[Source data]
== Segment start ==

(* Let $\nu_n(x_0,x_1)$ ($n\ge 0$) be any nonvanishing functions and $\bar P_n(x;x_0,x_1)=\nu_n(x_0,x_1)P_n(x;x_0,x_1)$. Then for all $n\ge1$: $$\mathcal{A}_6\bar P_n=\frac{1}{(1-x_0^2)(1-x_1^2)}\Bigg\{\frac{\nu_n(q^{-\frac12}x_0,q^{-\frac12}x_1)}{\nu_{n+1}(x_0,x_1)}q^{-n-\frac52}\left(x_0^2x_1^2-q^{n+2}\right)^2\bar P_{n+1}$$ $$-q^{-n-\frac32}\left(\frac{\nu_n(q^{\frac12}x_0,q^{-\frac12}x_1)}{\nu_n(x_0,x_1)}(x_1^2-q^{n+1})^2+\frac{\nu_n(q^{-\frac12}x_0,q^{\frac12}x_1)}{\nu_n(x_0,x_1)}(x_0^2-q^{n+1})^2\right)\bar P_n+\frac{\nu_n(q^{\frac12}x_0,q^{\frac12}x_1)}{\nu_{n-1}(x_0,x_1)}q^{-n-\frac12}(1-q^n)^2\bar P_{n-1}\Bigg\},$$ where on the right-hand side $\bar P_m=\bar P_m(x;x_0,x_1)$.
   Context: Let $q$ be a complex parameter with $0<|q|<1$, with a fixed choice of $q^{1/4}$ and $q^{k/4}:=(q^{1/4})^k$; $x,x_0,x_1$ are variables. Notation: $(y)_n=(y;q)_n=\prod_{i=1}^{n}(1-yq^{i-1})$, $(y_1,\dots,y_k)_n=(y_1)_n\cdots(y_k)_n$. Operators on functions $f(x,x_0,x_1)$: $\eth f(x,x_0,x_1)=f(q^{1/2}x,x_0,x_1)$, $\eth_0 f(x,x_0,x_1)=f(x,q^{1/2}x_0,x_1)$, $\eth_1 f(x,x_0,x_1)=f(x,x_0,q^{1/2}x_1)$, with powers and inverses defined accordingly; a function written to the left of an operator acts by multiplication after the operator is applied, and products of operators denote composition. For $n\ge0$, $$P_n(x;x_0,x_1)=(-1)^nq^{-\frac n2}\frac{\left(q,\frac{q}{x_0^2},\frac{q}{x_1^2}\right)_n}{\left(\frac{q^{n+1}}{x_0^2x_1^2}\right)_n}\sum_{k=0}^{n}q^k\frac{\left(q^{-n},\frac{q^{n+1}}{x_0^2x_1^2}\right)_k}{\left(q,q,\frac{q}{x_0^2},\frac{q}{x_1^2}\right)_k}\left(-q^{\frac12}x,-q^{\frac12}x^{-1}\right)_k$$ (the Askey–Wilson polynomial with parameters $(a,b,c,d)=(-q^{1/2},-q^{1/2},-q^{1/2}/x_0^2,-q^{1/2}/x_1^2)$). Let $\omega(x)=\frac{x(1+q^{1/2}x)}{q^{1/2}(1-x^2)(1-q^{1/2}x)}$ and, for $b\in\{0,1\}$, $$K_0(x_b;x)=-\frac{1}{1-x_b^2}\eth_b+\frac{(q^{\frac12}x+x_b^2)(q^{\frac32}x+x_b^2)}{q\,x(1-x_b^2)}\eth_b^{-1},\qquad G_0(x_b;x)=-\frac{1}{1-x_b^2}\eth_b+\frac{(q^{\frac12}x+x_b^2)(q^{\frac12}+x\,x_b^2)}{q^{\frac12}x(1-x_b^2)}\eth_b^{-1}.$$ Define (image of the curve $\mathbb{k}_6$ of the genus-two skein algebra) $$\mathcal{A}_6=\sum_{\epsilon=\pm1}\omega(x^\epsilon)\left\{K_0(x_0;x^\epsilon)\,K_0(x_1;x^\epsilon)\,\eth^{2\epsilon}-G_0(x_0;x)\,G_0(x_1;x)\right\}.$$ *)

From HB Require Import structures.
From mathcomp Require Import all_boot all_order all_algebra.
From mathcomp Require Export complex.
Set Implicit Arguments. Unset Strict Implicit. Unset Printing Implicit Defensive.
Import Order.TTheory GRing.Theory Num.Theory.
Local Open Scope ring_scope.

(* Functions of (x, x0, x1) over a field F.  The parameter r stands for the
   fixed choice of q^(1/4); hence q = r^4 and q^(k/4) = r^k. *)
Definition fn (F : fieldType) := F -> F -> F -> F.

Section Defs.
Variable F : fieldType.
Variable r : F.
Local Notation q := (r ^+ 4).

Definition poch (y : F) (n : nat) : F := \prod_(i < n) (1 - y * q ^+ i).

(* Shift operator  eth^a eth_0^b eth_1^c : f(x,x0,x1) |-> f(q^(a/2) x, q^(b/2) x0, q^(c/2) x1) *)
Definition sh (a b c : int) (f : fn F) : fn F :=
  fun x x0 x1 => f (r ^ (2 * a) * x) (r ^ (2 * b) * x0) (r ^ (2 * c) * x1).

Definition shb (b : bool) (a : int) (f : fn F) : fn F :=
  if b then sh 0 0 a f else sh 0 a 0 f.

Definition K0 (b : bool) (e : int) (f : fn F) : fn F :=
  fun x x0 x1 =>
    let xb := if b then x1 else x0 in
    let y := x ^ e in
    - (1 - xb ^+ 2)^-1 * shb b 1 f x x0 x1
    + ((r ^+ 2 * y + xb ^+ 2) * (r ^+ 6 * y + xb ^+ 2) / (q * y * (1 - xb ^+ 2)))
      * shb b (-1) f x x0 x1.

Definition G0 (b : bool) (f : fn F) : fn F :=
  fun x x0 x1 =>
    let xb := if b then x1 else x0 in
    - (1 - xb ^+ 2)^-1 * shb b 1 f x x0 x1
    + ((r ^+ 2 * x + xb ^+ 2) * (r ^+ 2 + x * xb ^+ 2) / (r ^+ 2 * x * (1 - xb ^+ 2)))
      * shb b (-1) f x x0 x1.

== Segment end ==

Repeat every entry exactly. Nothing may be dropped.

## ANSWER BOX
(* Let $\nu_n(x_0,x_1)$ ($n\ge 0$) be any nonvanishing functions and $\bar P_n(x;x_0,x_1)=\nu_n(x_0,x_1)P_n(x;x_0,x_1)$. Then for all $n\ge1$: $$\mathcal{A}_6\bar P_n=\frac{1}{(1-x_0^2)(1-x_1^2)}\Bigg\{\frac{\nu_n(q^{-\frac12}x_0,q^{-\frac12}x_1)}{\nu_{n+1}(x_0,x_1)}q^{-n-\frac52}\left(x_0^2x_1^2-q^{n+2}\right)^2\bar P_{n+1}$$ $$-q^{-n-\frac32}\left(\frac{\nu_n(q^{\frac12}x_0,q^{-\frac12}x_1)}{\nu_n(x_0,x_1)}(x_1^2-q^{n+1})^2+\frac{\nu_n(q^{-\frac12}x_0,q^{\frac12}x_1)}{\nu_n(x_0,x_1)}(x_0^2-q^{n+1})^2\right)\bar P_n+\frac{\nu_n(q^{\frac12}x_0,q^{\frac12}x_1)}{\nu_{n-1}(x_0,x_1)}q^{-n-\frac12}(1-q^n)^2\bar P_{n-1}\Bigg\},$$ where on the right-hand side $\bar P_m=\bar P_m(x;x_0,x_1)$.
   Context: Let $q$ be a complex parameter with $0<|q|<1$, with a fixed choice of $q^{1/4}$ and $q^{k/4}:=(q^{1/4})^k$; $x,x_0,x_1$ are variables. Notation: $(y)_n=(y;q)_n=\prod_{i=1}^{n}(1-yq^{i-1})$, $(y_1,\dots,y_k)_n=(y_1)_n\cdots(y_k)_n$. Operators on functions $f(x,x_0,x_1)$: $\eth f(x,x_0,x_1)=f(q^{1/2}x,x_0,x_1)$, $\eth_0 f(x,x_0,x_1)=f(x,q^{1/2}x_0,x_1)$, $\eth_1 f(x,x_0,x_1)=f(x,x_0,q^{1/2}x_1)$, with powers and inverses defined accordingly; a function written to the left of an operator acts by multiplication after the operator is applied, and products of operators denote composition. For $n\ge0$, $$P_n(x;x_0,x_1)=(-1)^nq^{-\frac n2}\frac{\left(q,\frac{q}{x_0^2},\frac{q}{x_1^2}\right)_n}{\left(\frac{q^{n+1}}{x_0^2x_1^2}\right)_n}\sum_{k=0}^{n}q^k\frac{\left(q^{-n},\frac{q^{n+1}}{x_0^2x_1^2}\right)_k}{\left(q,q,\frac{q}{x_0^2},\frac{q}{x_1^2}\right)_k}\left(-q^{\frac12}x,-q^{\frac12}x^{-1}\right)_k$$ (the Askey–Wilson polynomial with parameters $(a,b,c,d)=(-q^{1/2},-q^{1/2},-q^{1/2}/x_0^2,-q^{1/2}/x_1^2)$). Let $\omega(x)=\frac{x(1+q^{1/2}x)}{q^{1/2}(1-x^2)(1-q^{1/2}x)}$ and, for $b\in\{0,1\}$, $$K_0(x_b;x)=-\frac{1}{1-x_b^2}\eth_b+\frac{(q^{\frac12}x+x_b^2)(q^{\frac32}x+x_b^2)}{q\,x(1-x_b^2)}\eth_b^{-1},\qquad G_0(x_b;x)=-\frac{1}{1-x_b^2}\eth_b+\frac{(q^{\frac12}x+x_b^2)(q^{\frac12}+x\,x_b^2)}{q^{\frac12}x(1-x_b^2)}\eth_b^{-1}.$$ Define (image of the curve $\mathbb{k}_6$ of the genus-two skein algebra) $$\mathcal{A}_6=\sum_{\epsilon=\pm1}\omega(x^\epsilon)\left\{K_0(x_0;x^\epsilon)\,K_0(x_1;x^\epsilon)\,\eth^{2\epsilon}-G_0(x_0;x)\,G_0(x_1;x)\right\}.$$ *)

From HB Require Import structures.
From mathcomp Require Import all_boot all_order all_algebra.
From mathcomp Require Export complex.
Set Implicit Arguments. Unset Strict Implicit. Unset Printing Implicit Defensive.
Import Order.TTheory GRing.Theory Num.Theory.
Local Open Scope ring_scope.

(* Functions of (x, x0, x1) over a field F.  The parameter r stands for the
   fixed choice of q^(1/4); hence q = r^4 and q^(k/4) = r^k. *)
Definition fn (F : fieldType) := F -> F -> F -> F.

Section Defs.
Variable F : fieldType.
Variable r : F.
Local Notation q := (r ^+ 4).

Definition poch (y : F) (n : nat) : F := \prod_(i < n) (1 - y * q ^+ i).

(* Shift operator  eth^a eth_0^b eth_1^c : f(x,x0,x1) |-> f(q^(a/2) x, q^(b/2) x0, q^(c/2) x1) *)
Definition sh (a b c : int) (f : fn F) : fn F :=
  fun x x0 x1 => f (r ^ (2 * a) * x) (r ^ (2 * b) * x0) (r ^ (2 * c) * x1).

Definition shb (b : bool) (a : int) (f : fn F) : fn F :=
  if b then sh 0 0 a f else sh 0 a 0 f.

Definition K0 (b : bool) (e : int) (f : fn F) : fn F :=
  fun x x0 x1 =>
    let xb := if b then x1 else x0 in
    let y := x ^ e in
    - (1 - xb ^+ 2)^-1 * shb b 1 f x x0 x1
    + ((r ^+ 2 * y + xb ^+ 2) * (r ^+ 6 * y + xb ^+ 2) / (q * y * (1 - xb ^+ 2)))
      * shb b (-1) f x x0 x1.

Definition G0 (b : bool) (f : fn F) : fn F :=
  fun x x0 x1 =>
    let xb := if b then x1 else x0 in
    - (1 - xb ^+ 2)^-1 * shb b 1 f x x0 x1
    + ((r ^+ 2 * x + xb ^+ 2) * (r ^+ 2 + x * xb ^+ 2) / (r ^+ 2 * x * (1 - xb ^+ 2)))
      * shb b (-1) f x x0 x1.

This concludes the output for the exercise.